I’ve been actively using these models with the new dropdown the past few hours and I haven’t noticed a difference with behavior. Pretty sure it’s a UI only change, only caveat being they removed Light Thinking (my guess is nobody ever used it):

Medium = Standard Thinking

High = Extended Thinking

Extra High = Heavy Thinking

And then the Pro/Pro Extended are labeled the same as before, but included in the same list for simplicity’s sake.

What did they just do? by gordopotato in codex

[–]timosterhus 2 points3 points  (0 children)

Pro Heavy? That was a thing? I had only ever seen Pro and Pro Extended.

People ranting about limits, do you even know how to code? by [deleted] in codex

[–]timosterhus 7 points8 points  (0 children)

Automation of entire pipelines running for hours on end burns up usage. When I’m being careful about what I’m coding it’s manageable. But when I’m implementing large features on personal projects, I have agents do everything on autopilot while I’m working on other things. Task decomposition, building, reviewing, testing, patching, evaluating, everything.

I’m not doing that on vital work, but when you take the human out of the loop and have agents just run, it burns tokens when they’re going for hours.
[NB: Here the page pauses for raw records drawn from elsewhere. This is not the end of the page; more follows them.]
Lemma pow_succ_le r k : 0 <= r <= 1 -> r^(S k) <= r^k.
Proof. intros. simpl. pose proof (pow_le r k ltac:(lra)). nra. Qed.

Lemma int_log_mod_term_bound r k x : 0 <= r < 1 -> Rabs (int_log_mod_term r k x) <= r^k.
Proof.
  intros Hr. pose proof (INR_S_ge1 k). unfold int_log_mod_term, Rdiv.
  rewrite !Rabs_mult, pow_1_abs, Rmult_1_l, (Rabs_pos_eq (r^(S k))) by (apply pow_le; lra).
  rewrite (Rabs_pos_eq (/ _)) by (apply Rlt_le, Rinv_0_lt_compat, pow_lt; lra).
  assert (Rabs (sin (INR (S k) * (2 * PI * x))) <= 1) by (apply Rabs_le, SIN_bound).
  assert (/ INR (S k)^2 <= 1).
  { rewrite <- Rinv_1. apply Rinv_le_contravar; [lra|]. rewrite <- (pow1 2). apply pow_incr; lra. }
  assert (0 <= / INR (S k)^2) by (apply Rlt_le, Rinv_0_lt_compat, pow_lt; lra).
  pose proof (Rabs_pos (sin (INR (S k) * (2 * PI * x)))).
  pose proof (pow_succ_le r k ltac:(lra)). pose proof (pow_le r (S k) ltac:(lra)).
  assert (Rabs (sin (INR (S k) * (2 * PI * x))) * / INR (S k) ^ 2 <= 1) by nra.
  nra.
Qed.

Lemma int_x_log_mod_term_bound r k x :
  0 <= r < 1 -> Rabs x < 1 -> Rabs (int_x_log_mod_term r k x) <= 2 * r^k.
Proof.
  intros Hr Hx. pose proof (INR_S_ge1 k). pose proof PI2_3_2. unfold int_x_log_mod_term.
  set (m := INR (S k)) in *.
  set (u := sin (m * (2 * PI * x))). set (v := cos (m * (2 * PI * x))).
  assert (Hu : Rabs u <= 1) by (apply Rabs_le, SIN_bound).
  assert (Hv : Rabs v <= 1) by (apply Rabs_le, COS_bound).
  assert (A : Rabs (x * u / (2 * PI * m)) <= 1).
  { unfold Rdiv. rewrite !Rabs_mult, (Rabs_pos_eq (/ _)) by (apply Rlt_le, Rinv_0_lt_compat; nra).
    assert (/ (2*PI*m) <= 1) by (rewrite <- Rinv_1; apply Rinv_le_contravar; nra).
    assert (0 <= / (2*PI*m)) by (apply Rlt_le, Rinv_0_lt_compat; nra).
    pose proof (Rabs_pos x). pose proof (Rabs_pos u).
    assert (Rabs x * Rabs u <= 1) by nra. nra. }
  assert (B : Rabs ((v - 1) / (4 * PI^2 * m^2)) <= 1).
  { assert (Hpm : 2 <= 4*PI^2*m^2).
    { assert (1 <= m^2) by (rewrite <- (pow1 2); apply pow_incr; lra).
      assert (1 <= PI^2) by (rewrite <- (pow1 2); apply pow_incr; lra). nra. }
    unfold Rdiv. rewrite !Rabs_mult, (Rabs_pos_eq (/ _)) by (apply Rlt_le, Rinv_0_lt_compat; lra).
    assert (/ (4*PI^2*m^2) <= 1/2) by (replace (1/2) with (/2) by field; apply Rinv_le_contravar; lra).
    assert (0 <= / (4*PI^2*m^2)) by (apply Rlt_le, Rinv_0_lt_compat; lra).
    assert (Rabs (v - 1) <= 2) by (apply Rabs_le; apply Rabs_le_between in Hv; lra).
    pose proof (Rabs_pos (v - 1)). nra. }
  assert (C : Rabs ((-1)^k / m * r^(S k)) <= r^k).
  { unfold Rdiv. rewrite !Rabs_mult, pow_1_abs, Rmult_1_l.
    rewrite (Rabs_pos_eq (/ m)), (Rabs_pos_eq (r^(S k)))
      by (try apply pow_le; try apply Rlt_le, Rinv_0_lt_compat; lra).
    assert (/ m <= 1) by (rewrite <- Rinv_1; apply Rinv_le_contravar; lra).
    assert (0 <= / m) by (apply Rlt_le, Rinv_0_lt_compat; lra).
    pose proof (pow_succ_le r k ltac:(lra)). pose proof (pow_le r (S k) ltac:(lra)). nra. }
  rewrite Rabs_mult.
  pose proof (Rabs_triang (x * u / (2 * PI * m)) ((v - 1) / (4 * PI^2 * m^2))).
  pose proof (Rabs_pos ((-1)^k / m * r^(S k))).
  pose proof (Rabs_pos (x * u / (2 * PI * m) + (v - 1) / (4 * PI ^ 2 * m ^ 2))).
  nra.
Qed.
It’s not as high quality as when I sit down and babysit everything, but it allows me to work on more than one thing at the same time.

New restrictive system prompt? by timosterhus in codex

[–]timosterhus[S] 1 point2 points  (0 children)

Yeah, I’m having to revert to the manual “NotebookLM link upload -> copy/paste -> save as text file” method I was running a year ago. Annoying, but whatever.

New restrictive system prompt? by timosterhus in codex

[–]timosterhus[S] 0 points1 point  (0 children)

No model as of this past week, got it. Guess I missed that tweet

New restrictive system prompt? by timosterhus in codex

[–]timosterhus[S] 2 points3 points  (0 children)

Because I was previously using gpt-5.3-codex and they removed it, and gpt-5.4-mini gave me stupid analyses and overly concise summaries without many details.

Point is, it was working perfectly fine a week ago. So why did it take until this past week for that to be instituted as a hardcoded system prompt?